How It Works: The BPE Algorithm

minbpe provides a clear implementation of the Byte Pair Encoding (BPE) algorithm. This page breaks down the process as implemented in the BasicTokenizer class, which is the foundational tokenizer in this project.

The Core Idea

The BPE algorithm starts with a small base vocabulary and learns merge rules to create new, larger tokens that represent common sequences of characters. In minbpe, the process is byte-level, meaning the base vocabulary consists of the 256 possible byte values.

The training process is an iterative loop that finds the most frequent pair of adjacent tokens and merges them into a single new token.

Step-by-Step Training Process

The logic can be found in the train method of minbpe/basic.py. Here's a conceptual breakdown:

1. Initialization

Input: The training process takes a large string of text and a vocab_size (the final number of tokens you want in your vocabulary).
Preprocessing: The input text is first encoded into a sequence of bytes using UTF-8. This sequence of bytes is then converted into a list of integers, where each integer is between 0 and 255.
```
text_bytes = text.encode("utf-8") # raw bytes
ids = list(text_bytes) # list of integers in range 0..255
```
Base Vocabulary: The initial vocabulary is created, mapping each of the 256 possible byte values to its byte representation. For example, vocab[65] would be b'A'.

2. Iterative Merging

The core of the algorithm is a loop that runs for num_merges = vocab_size - 256 iterations. In each iteration, the following happens:

Find Most Frequent Pair: The code scans the entire list of token ids and counts the occurrences of all adjacent pairs. This is handled by the get_stats(ids) function. It returns a dictionary where keys are tuples of pairs (e.g., (101, 32)) and values are their frequencies.
Select Best Pair: The pair with the highest frequency is selected for merging. For example, if the pair for ('t', 'h') is most common, it will be chosen.
```
pair = max(stats, key=stats.get)
```
Create a New Token: A new token ID is created. The new IDs start from 256 upwards. For the first merge, the new ID is 256; for the second, it's 257, and so on.
```
idx = 256 + i
```
Perform the Merge: The code iterates through the ids list and replaces every occurrence of the chosen pair with the new idx. This is handled by the merge(ids, pair, idx) function.
Store the Merge Rule: The merge operation is stored in a merges dictionary. This dictionary maps the pair to the new token ID (e.g., merges[(116, 104)] = 256). This is crucial for the encode function later.
Update Vocabulary: The new token is added to the vocabulary. Its value is the concatenation of the bytes of the two tokens that formed it. For example, vocab[256] would become b'th'.

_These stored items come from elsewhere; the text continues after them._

Lemma rorth_reflects_empty (C D : topologicalType) (g : C -> D) :
  rorth reflects_empty C D g <-> homeo_or_from_empty C D g.
Proof.
split=> -[gc lg]; split=> //.
  have [[c0] | ] := pselect (inhabited C); [right | by left].
  have ginj : injective g.
    apply/lifts_pair_inj/lg; split=> [|_]; last exact: inhabits true.
    exact: (@cst_continuous boolsp pointsp tt).
  have pt_gc0 : reflects_empty pointsp D (fun _ => g c0).
    by split=> [|_]; [exact: cst_continuous | exact: inhabits tt].
  have [r [rc _ gr]] := lg _ _ _ pt_gc0 (fun _ => c0) id
      (@cst_continuous pointsp C c0) (fun _ => cvg_id) erefl.
  exists r; split=> // [x | y]; last exact: (congr1 (@^~ y) gr).
  by apply: ginj; exact: (congr1 (@^~ (g x)) gr).
move=> A B f [_ rf]; case: lg => [nC | ]; last exact: lifts_cont_inverse_r.
move=> t; apply: lifts_from_empty_cod => /rf [x].
by apply: nC; exists; exact: t x.
Qed.

Lemma rorth_homeo_or_from_empty (X Y : topologicalType) (h : X -> Y) :
  rorth homeo_or_from_empty X Y h <-> split_epi X Y h.
Proof.
split=> -[hc lh]; split=> //.
  have void_Y : homeo_or_from_empty emptysp Y of_void.
    by split; [exact: of_void_continuous | left; case].
  have [|s [sc _ hs]] := lh _ _ _ void_Y of_void id
      (of_void_continuous X) (fun _ => cvg_id).
    by apply: funext => -[].
  by exists s; split=> // y; exact: (congr1 (@^~ y) hs).
move=> C D g [_ [nC | ]]; last exact: lifts_cont_inverse_l.
case: lh => s [sc hs] t b _ bc _; exists (s \o b); split.
- exact: comp_continuous.
- by apply: funext => x; case: nC; exists.
- by apply: funext => y /=; rewrite hs.
Qed.

Lemma rorth_split_epi (C D : topologicalType) (k : C -> D) :
  rorth split_epi C D k <-> cont_injection C D k.
Proof.
split=> -[kc lk]; split=> //.
  apply/lifts_pair_inj/lk; split; first exact: (@cst_continuous boolsp pointsp tt).
  exists (fun _ => true); split; first exact: continuous_from_discrete.
  by case.
move=> X Y h [_ [s [sc hs]]] t b tc _ kt_bh.
have kt x : k (t x) = b (h x) by exact: (congr1 (@^~ x) kt_bh).
exists (t \o s); split.
- exact: comp_continuous.
- by apply: funext => x /=; apply: lk; rewrite !kt hs.
- by apply: funext => y /=; rewrite kt hs.
Qed.

Lemma rorth_cont_injection (E F : topologicalType) (m : E -> F) :
  rorth cont_injection E F m <-> initial_surjection E F m.
Proof.
split=> [[mc lm] | [mc msurj minit]].
  split=> //.
    have void_F : cont_injection emptysp F of_void.
      by split; [exact: of_void_continuous | case].
    have [|s [_ _ ms]] := lm _ _ _ void_F of_void id
        (of_void_continuous E) (fun _ => cvg_id).
      by apply: funext => -[].
    by move=> y; exists (s y); exact: (congr1 (@^~ y) ms).
  pose W := initial_topology m.
  have idc : continuous (id : E -> W).
    by apply/continuousP => _ [V oV <-]; move/continuousP: mc; apply.
  have [d [dc dE _]] := lm _ _ _ (conj idc (@inj_id E)) id (m : W -> F)
      (fun _ => cvg_id) (@initial_continuous E F m) erefl.
  move: dc; rewrite (dE : d = id) => /continuousP idWE U /idWE [V oV VU].
  by exists V => //; rewrite VU.
split=> // A B i [_ iinj] t b _ bc mt_bi.
have lift y : exists e, m e = b y /\ forall x, i x = y -> t x = e.
  have [[x0 <-] | nx] := pselect (exists x, i x = y).
    exists (t x0); split; first exact: (congr1 (@^~ x0) mt_bi).
    by move=> x /iinj ->.
  have [e me] := msurj (b y); exists e; split=> // x ix.
  by case: nx; exists x.
have [d dP] := choice lift; exists d; split.
- apply/continuousP => _ /minit [V oV ->].
  rewrite (_ : d @^-1` (m @^-1` V) = b @^-1` V); first by move/continuousP: bc; apply.
  by apply/seteqP; split=> y /=; rewrite (dP y).1.
- by apply: funext => x /=; rewrite ((dP (i x)).2 x).
- by apply: funext => y /=; rewrite (dP y).1.
Qed.

Section InitialSurjection.
Context {E F C : topologicalType} {m : E -> F} {t : E -> C}.
Hypotheses (m_init : initial_surjection E F m) (tc : continuous t).

Lemma initial_surjection_preimage (U : set C) :
  open U -> exists2 V : set F, open V & t @^-1` U = m @^-1` V.
Proof. by case: m_init => _ _ minit; move/continuousP: tc => tU /tU/minit. Qed.

Lemma initial_surjection_indist {x x'} : m x = m x' -> indist (t x) (t x').
Proof.
move=> mx U /initial_surjection_preimage [V _ tUmV].
by rewrite -[U (t x)]/((t @^-1` U) x) -[U (t x')]/((t @^-1` U) x') tUmV /= mx.
Qed.

Lemma continuous_comp_section {s : F -> E} : cancel s m -> continuous (t \o s).
Proof.
move=> sK; apply/continuousP => U /initial_surjection_preimage [V oV tUmV].
by rewrite comp_preimage tUmV -comp_preimage (_ : m \o s = id) //; apply: funext.
Qed.

End InitialSurjection.

Lemma e_initial_surjection : initial_surjection antidisc2 pointsp e_map.
Proof.
split; first exact: (@cst_continuous antidisc2 pointsp tt).
  by case; exists pt_a.
by move=> U [->|->]; [exists set0 => //; exact: open0
                     | exists setT => //; exact: openT].
Qed.

Lemma rorth_initial_surjection (C D : topologicalType) (g : C -> D) :
  rorth initial_surjection C D g <-> fibrewise_T0 C D g.
Proof.
split=> -[gc lg]; split=> //.
  exact/lifts_e_indist/lg/e_initial_surjection.
move=> E F m m_init t b tc _ gt_bm.
have gt x : g (t x) = b (m x) by exact: (congr1 (@^~ x) gt_bm).
have [s sK] : exists s : F -> E, cancel s m.
  by case: m_init => _ /choice [s sK] _; exists s.
exists (t \o s); split.
- exact: (continuous_comp_section m_init tc sK).
- apply: funext => x /=; apply: lg; first by rewrite !gt sK.
  by apply: (initial_surjection_indist m_init tc); rewrite sK.
- by apply: funext => y /=; rewrite gt sK.
Qed.

Lemma rorth1_e_map (C D : topologicalType) (g : C -> D) :
  rorth1 e_map C D g <-> fibrewise_T0 C D g.
Proof.
split=> [[gc lg] | /rorth_initial_surjection [gc lg]]; split=> //.
  exact: lifts_e_indist.
exact/lg/e_initial_surjection.
Qed.

Lemma fibrewise_T0_iff (C D : topologicalType) (g : C -> D) :
  fibrewise_T0 C D g <-> T0_fibres C D g.
Proof.
split=> -[gc T0g]; split=> //.
  move=> y; apply/kolmogorov_indistP => p q /indist_subspace pq; apply: val_inj.
  by apply: T0g pq; rewrite (set_mem (valP p)) (set_mem (valP q)).
move=> x1 x2 gx12 x12; pose F := g @^-1` [set g x1].
have x1F : x1 \in F by apply/mem_set.
have x2F : x2 \in F by apply/mem_set.
suff /(congr1 val) : exist _ x1 x1F = exist _ x2 x2F :> set_type F by [].
by apply/(kolmogorov_indistP _).1; [exact: T0g | exact/indist_subspace].
Qed.

Theorem mainTheorem20 :
  (forall (X Y : topologicalType) (f : X -> Y),
     rorth (rorth (rorth (rorth (rorth (lorth1 iota_map))))) X Y f
     <-> rorth1 e_map X Y f) /\
  (forall (X Y : topologicalType) (f : X -> Y),
     rorth1 e_map X Y f <-> T0_fibres X Y f).
Proof.
have P1 := rorth_ext lorth1_iota rorth_reflects_empty.
have P2 := rorth_ext P1 rorth_homeo_or_from_empty.
have P3 := rorth_ext P2 rorth_split_epi.
have P4 := rorth_ext P3 rorth_cont_injection.
have P5 := rorth_ext P4 rorth_initial_surjection.
by split=> X Y f; rewrite ?P5 rorth1_e_map ?fibrewise_T0_iff.
Qed.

This loop continues until the desired vocabulary size is reached.

3. Encoding and Decoding

Encoding: To encode a new string, it's first converted to a list of byte IDs. Then, the merges are applied in the same order they were learned. The algorithm repeatedly finds the pair in the sequence that was merged earliest during training (has the lowest merge index) and replaces it with the corresponding new token ID. This continues until no more merges can be applied.
Decoding: Decoding is simpler. It's a lookup process. Each token ID in a sequence is looked up in the final vocab dictionary to retrieve its corresponding bytes. These bytes are then concatenated and decoded back into a UTF-8 string.